The word "eqxx" marks the lines to report; pull each of them from the listing.
+---+
(* Let $k \ge 2$ and $n$ be positive integers, and let $a_1<\dots<a_r<n-1$ be positive integers. Then there is a connected graph $G$ with \[\mathrm{SW}_k(G)=\mathrm{SW}_k(S_n)-\binom{a_1}{k-1}-\dots-\binom{a_r}{k-1}.\]
   Context: $S_n$ denotes the star graph on $n$ vertices (one center adjacent to the other $n-1$ vertices, with $n-1$ edges). For a connected graph $G$ and a subset $S \subset V(G)$, the Steiner distance $d(S)$ is the smallest number of edges in a connected subgraph of $G$ whose vertex set contains $S$. For an integer $k\ge 2$, the Steiner--Wiener $k$ index of $G$ is $\mathrm{SW}_k(G)=\sum_{S \subset V(G),\ |S|=k} d(S)$. *)

From mathcomp Require Import all_boot all_order all_algebra.
Set Implicit Arguments. Unset Strict Implicit. Unset Printing Implicit Defensive.

Definition simple_graph (T : finType) (e : rel T) :=
  symmetric e /\ irreflexive e.

Definition gconnected (T : finType) (e : rel T) :=
  0 < #|T| /\ forall x y : T, connect e x y.

Definition gedges (T : finType) (e : rel T) : {set {set T}} :=
  [set f : {set T} | [exists x, exists y, e x y && (f == [set x; y])]].

Definition is_subgraph (T : finType) (e : rel T) (W : {set T}) (F : {set {set T}}) :=
  (F \subset gedges e) && [forall f in F, f \subset W].

Definition frel_of (T : finType) (F : {set {set T}}) : rel T :=
  fun x y => [set x; y] \in F.

Definition sub_connected (T : finType) (W : {set T}) (F : {set {set T}}) :=
  [forall u in W, forall v in W, connect (frel_of F) u v].

Definition steiner_adm (T : finType) (e : rel T) (S : {set T})
    (H : {set T} * {set {set T}}) :=
  [&& is_subgraph e H.1 H.2, sub_connected H.1 H.2 & S \subset H.1].

(* The default value #|gedges e| is the edge count of G itself,
   which is admissible whenever G is connected, so for connected G this is
   exactly the minimum. *)
Definition steiner_dist (T : finType) (e : rel T) (S : {set T}) : nat :=
  \big[minn/#|gedges e|]_(H | steiner_adm e S H) #|H.2|.

Definition SW (k : nat) (T : finType) (e : rel T) : nat :=
  \sum_(S : {set T} | #|S| == k) steiner_dist e S.

Definition star_rel {n : nat} : rel 'I_n :=
  fun i j => ((val i == 0) && (val j != 0)) || ((val j == 0) && (val i != 0)).

From mathcomp Require Import all_boot all_order all_algebra.
Set Implicit Arguments. Unset Strict Implicit. Unset Printing Implicit Defensive.
Lemma hull_exchange_contra m Q (Z : seq nat) p q j1 j2 : msubsets_indep m Q ->
  uniq Z -> size Z = m.+2 -> {in Z, forall x, Q x} ->
  p \in Z -> q \in Z -> j1 \in Z -> j2 \in Z ->
  p != q -> j1 != j2 -> j1 != p -> j1 != q -> j2 != p -> j2 != q ->
  convex_comb y (rem p (rem q Z)) (y p) -> convex_comb y (rem q (rem p Z)) (y q) ->
  convex_comb y (rem p (rem j1 Z)) (y p) -> convex_comb y (rem p (rem j2 Z)) (y p) ->
  False.
Proof.
move=> hind uZ szZ QZ pZ qZ j1Z j2Z pq j12 j1p j1q j2p j2q hp hq h1 h2.
have mem2 a c x : x \in rem a (rem c Z) = [&& x != a, x != c & x \in Z].
  by rewrite mem_rem_uniq ?rem_uniq // inE mem_rem_uniq // inE.
have u2 a c : uniq (rem a (rem c Z)) by rewrite !rem_uniq.
have sz2 a c : a \in Z -> c \in Z -> a != c -> size (rem a (rem c Z)) = m.
  move=> aZ cZ ac; have acZ : a \in rem c Z by rewrite mem_rem_uniq // inE ac aZ.
  by rewrite size_rem // size_rem // szZ.
have Q2 a c : {in rem a (rem c Z), forall x, Q x} by move=> x /mem_rem/mem_rem/QZ.
have pos a c : a \in Z -> c \in Z -> a != c -> convex_comb y (rem a (rem c Z)) (y a) ->
    pos_convex_comb y (rem a (rem c Z)) (y a).
  move=> aZ cZ ac; apply: (pos_convex_comb_of_indep hind (QZ a aZ) (u2 _ _) (sz2 _ _ aZ cZ ac)).
    exact: Q2.
  by rewrite mem2 eqxx.
set B := rem p (rem q Z).
have perm_B a : a \in Z -> a != p -> a != q -> perm_eq (rem p (rem a Z)) (q :: rem a B).
  move=> aZ ap aq; apply: uniq_perm => // [|x].
    rewrite /= (rem_uniq _ (u2 _ _)) andbT; apply: contra (@mem_rem _ a B q) _.
    by rewrite mem2 eqxx andbF.
  rewrite mem2 inE mem_rem_uniq ?u2 // inE /B mem2.
  case: (eqVneq x q) => [->|_] /=; first by rewrite eq_sym pq eq_sym aq qZ.
  by case: (x != p); case: (x != a).
apply: (@pos_exchange_contra p q j1 j2 B).
- by rewrite mem2 j1p j1q j1Z.
- by rewrite mem2 j2p j2q j2Z.
- exact: j12.
- exact: hind (u2 _ _) (sz2 _ _ pZ qZ pq) (Q2 _ _).
- apply: (pos_convex_comb_perm (s := rem q (rem p Z))).
    by apply: uniq_perm; rewrite ?u2 // => x; rewrite !mem2; case: (x != p); case: (x != q).
  by apply: pos => //; rewrite eq_sym.
- exact: pos.
- by apply: pos_convex_comb_perm (perm_B _ j1Z j1p j1q) (pos _ _ _ _ _ h1); rewrite // eq_sym.
- by apply: pos_convex_comb_perm (perm_B _ j2Z j2p j2q) (pos _ _ _ _ _ h2); rewrite // eq_sym.
Qed.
+---+
◆ **RESULT OF THE EXERCISE**
  by rewrite mem2 eqxx.
    by rewrite mem2 eqxx andbF.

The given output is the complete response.